____ Supplied data

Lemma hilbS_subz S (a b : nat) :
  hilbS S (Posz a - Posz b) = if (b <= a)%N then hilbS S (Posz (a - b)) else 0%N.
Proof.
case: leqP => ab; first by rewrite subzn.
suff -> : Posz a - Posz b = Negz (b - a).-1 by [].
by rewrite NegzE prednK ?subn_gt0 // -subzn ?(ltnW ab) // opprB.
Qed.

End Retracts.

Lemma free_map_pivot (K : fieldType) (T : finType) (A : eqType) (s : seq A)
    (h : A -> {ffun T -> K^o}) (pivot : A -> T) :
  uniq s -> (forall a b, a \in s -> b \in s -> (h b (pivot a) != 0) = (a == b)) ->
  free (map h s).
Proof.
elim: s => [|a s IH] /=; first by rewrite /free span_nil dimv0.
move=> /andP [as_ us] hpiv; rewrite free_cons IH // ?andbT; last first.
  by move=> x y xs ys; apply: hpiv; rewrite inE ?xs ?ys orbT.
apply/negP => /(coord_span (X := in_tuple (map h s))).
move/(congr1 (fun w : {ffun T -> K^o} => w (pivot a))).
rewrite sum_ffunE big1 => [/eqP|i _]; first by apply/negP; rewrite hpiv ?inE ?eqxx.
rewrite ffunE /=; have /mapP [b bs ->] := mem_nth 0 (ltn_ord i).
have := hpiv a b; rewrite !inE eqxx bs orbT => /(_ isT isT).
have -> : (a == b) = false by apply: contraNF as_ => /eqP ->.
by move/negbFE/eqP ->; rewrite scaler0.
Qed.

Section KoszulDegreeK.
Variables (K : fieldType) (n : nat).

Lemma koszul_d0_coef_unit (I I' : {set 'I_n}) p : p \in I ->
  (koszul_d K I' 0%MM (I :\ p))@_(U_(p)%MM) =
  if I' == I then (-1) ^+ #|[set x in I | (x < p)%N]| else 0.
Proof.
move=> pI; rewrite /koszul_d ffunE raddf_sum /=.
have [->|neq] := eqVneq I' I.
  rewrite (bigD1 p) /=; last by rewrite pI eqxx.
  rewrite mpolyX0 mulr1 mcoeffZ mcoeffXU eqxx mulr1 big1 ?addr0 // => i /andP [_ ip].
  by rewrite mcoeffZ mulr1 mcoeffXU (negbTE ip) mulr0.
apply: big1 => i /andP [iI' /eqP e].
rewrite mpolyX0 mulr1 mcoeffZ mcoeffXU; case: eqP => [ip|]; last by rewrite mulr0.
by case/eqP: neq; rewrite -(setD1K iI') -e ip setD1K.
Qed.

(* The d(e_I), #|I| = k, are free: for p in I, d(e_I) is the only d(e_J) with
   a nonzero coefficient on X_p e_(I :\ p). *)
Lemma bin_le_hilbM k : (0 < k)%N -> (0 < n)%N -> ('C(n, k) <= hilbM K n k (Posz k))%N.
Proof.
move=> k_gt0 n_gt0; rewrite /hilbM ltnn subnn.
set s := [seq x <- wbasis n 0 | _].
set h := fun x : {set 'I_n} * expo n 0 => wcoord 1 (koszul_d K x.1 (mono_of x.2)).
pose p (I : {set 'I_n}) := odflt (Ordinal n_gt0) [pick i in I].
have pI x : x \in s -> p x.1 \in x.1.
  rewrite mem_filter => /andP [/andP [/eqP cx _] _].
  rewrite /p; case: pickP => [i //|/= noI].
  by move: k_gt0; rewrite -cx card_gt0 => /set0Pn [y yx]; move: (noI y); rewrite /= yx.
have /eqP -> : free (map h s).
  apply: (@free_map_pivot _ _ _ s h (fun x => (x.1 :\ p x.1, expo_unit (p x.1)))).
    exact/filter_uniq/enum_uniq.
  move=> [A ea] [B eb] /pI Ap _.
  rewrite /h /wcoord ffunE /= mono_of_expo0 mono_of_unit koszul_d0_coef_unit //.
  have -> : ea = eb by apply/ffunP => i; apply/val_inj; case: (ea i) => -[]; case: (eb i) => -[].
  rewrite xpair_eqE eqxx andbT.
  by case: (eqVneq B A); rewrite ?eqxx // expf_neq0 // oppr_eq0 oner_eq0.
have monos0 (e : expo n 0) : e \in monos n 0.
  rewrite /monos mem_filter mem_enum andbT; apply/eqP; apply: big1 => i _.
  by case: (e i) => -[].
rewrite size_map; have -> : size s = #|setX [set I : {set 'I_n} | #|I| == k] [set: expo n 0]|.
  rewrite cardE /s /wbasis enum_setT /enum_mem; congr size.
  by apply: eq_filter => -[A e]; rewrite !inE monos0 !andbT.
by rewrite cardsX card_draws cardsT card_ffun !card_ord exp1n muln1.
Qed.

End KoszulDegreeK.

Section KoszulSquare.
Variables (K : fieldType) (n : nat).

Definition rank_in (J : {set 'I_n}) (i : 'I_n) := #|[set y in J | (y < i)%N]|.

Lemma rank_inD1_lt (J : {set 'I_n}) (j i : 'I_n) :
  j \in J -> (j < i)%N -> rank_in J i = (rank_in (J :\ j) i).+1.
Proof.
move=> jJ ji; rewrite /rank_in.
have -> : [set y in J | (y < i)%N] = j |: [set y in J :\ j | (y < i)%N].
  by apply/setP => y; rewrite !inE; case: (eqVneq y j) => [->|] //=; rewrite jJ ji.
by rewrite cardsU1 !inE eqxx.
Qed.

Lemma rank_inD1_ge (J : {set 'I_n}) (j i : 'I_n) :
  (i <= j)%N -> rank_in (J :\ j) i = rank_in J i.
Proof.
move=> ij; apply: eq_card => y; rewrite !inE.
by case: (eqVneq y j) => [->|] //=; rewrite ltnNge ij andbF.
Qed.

________
____ Supplied data

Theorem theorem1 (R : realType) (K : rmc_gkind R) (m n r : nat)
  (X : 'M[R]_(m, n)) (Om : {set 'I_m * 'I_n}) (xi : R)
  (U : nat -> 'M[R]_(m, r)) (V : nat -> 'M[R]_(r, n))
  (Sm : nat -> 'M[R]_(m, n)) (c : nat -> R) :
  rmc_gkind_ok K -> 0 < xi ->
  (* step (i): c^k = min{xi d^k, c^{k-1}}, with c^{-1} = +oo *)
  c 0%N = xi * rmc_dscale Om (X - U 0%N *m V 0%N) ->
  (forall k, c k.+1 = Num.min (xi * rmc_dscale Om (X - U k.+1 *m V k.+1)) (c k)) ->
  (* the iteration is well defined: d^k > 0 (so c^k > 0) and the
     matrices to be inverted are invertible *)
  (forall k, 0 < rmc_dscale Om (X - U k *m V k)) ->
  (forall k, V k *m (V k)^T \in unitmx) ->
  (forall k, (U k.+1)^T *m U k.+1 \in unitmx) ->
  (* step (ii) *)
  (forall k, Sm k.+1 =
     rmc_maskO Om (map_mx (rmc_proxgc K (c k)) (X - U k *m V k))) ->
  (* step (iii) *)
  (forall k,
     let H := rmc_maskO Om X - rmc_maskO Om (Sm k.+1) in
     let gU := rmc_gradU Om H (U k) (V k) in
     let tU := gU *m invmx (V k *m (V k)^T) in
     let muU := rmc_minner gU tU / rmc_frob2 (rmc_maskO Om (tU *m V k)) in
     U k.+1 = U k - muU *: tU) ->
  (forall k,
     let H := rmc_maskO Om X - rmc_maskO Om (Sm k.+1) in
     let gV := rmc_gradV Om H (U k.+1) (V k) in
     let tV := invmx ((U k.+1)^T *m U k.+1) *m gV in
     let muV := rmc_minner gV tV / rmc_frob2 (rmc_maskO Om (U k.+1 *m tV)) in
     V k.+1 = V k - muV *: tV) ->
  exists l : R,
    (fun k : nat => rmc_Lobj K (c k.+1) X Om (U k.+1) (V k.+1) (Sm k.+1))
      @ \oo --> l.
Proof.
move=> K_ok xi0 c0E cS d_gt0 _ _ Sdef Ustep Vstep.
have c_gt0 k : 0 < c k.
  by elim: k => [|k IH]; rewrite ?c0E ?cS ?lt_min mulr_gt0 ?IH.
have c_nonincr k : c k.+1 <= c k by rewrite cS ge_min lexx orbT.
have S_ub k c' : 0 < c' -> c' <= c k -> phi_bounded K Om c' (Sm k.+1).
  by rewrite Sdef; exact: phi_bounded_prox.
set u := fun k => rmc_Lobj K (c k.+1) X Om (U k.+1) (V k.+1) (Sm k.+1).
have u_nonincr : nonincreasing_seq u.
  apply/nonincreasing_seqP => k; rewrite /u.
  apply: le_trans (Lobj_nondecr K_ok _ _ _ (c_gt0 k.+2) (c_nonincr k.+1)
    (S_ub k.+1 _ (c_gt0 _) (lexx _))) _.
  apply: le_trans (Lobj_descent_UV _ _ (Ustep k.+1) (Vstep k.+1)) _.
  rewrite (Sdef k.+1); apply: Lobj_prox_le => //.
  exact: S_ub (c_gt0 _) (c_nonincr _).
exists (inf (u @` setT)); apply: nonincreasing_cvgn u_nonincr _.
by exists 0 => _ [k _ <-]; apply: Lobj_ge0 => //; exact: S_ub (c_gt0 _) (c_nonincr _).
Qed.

________

For the string "size", search the preceding data and copy every line that includes it.

rewrite size_map; have -> : size s = #|setX [set I : {set 'I_n} | #|I| == k] [set: expo n 0]|.
  rewrite cardE /s /wbasis enum_setT /enum_mem; congr size.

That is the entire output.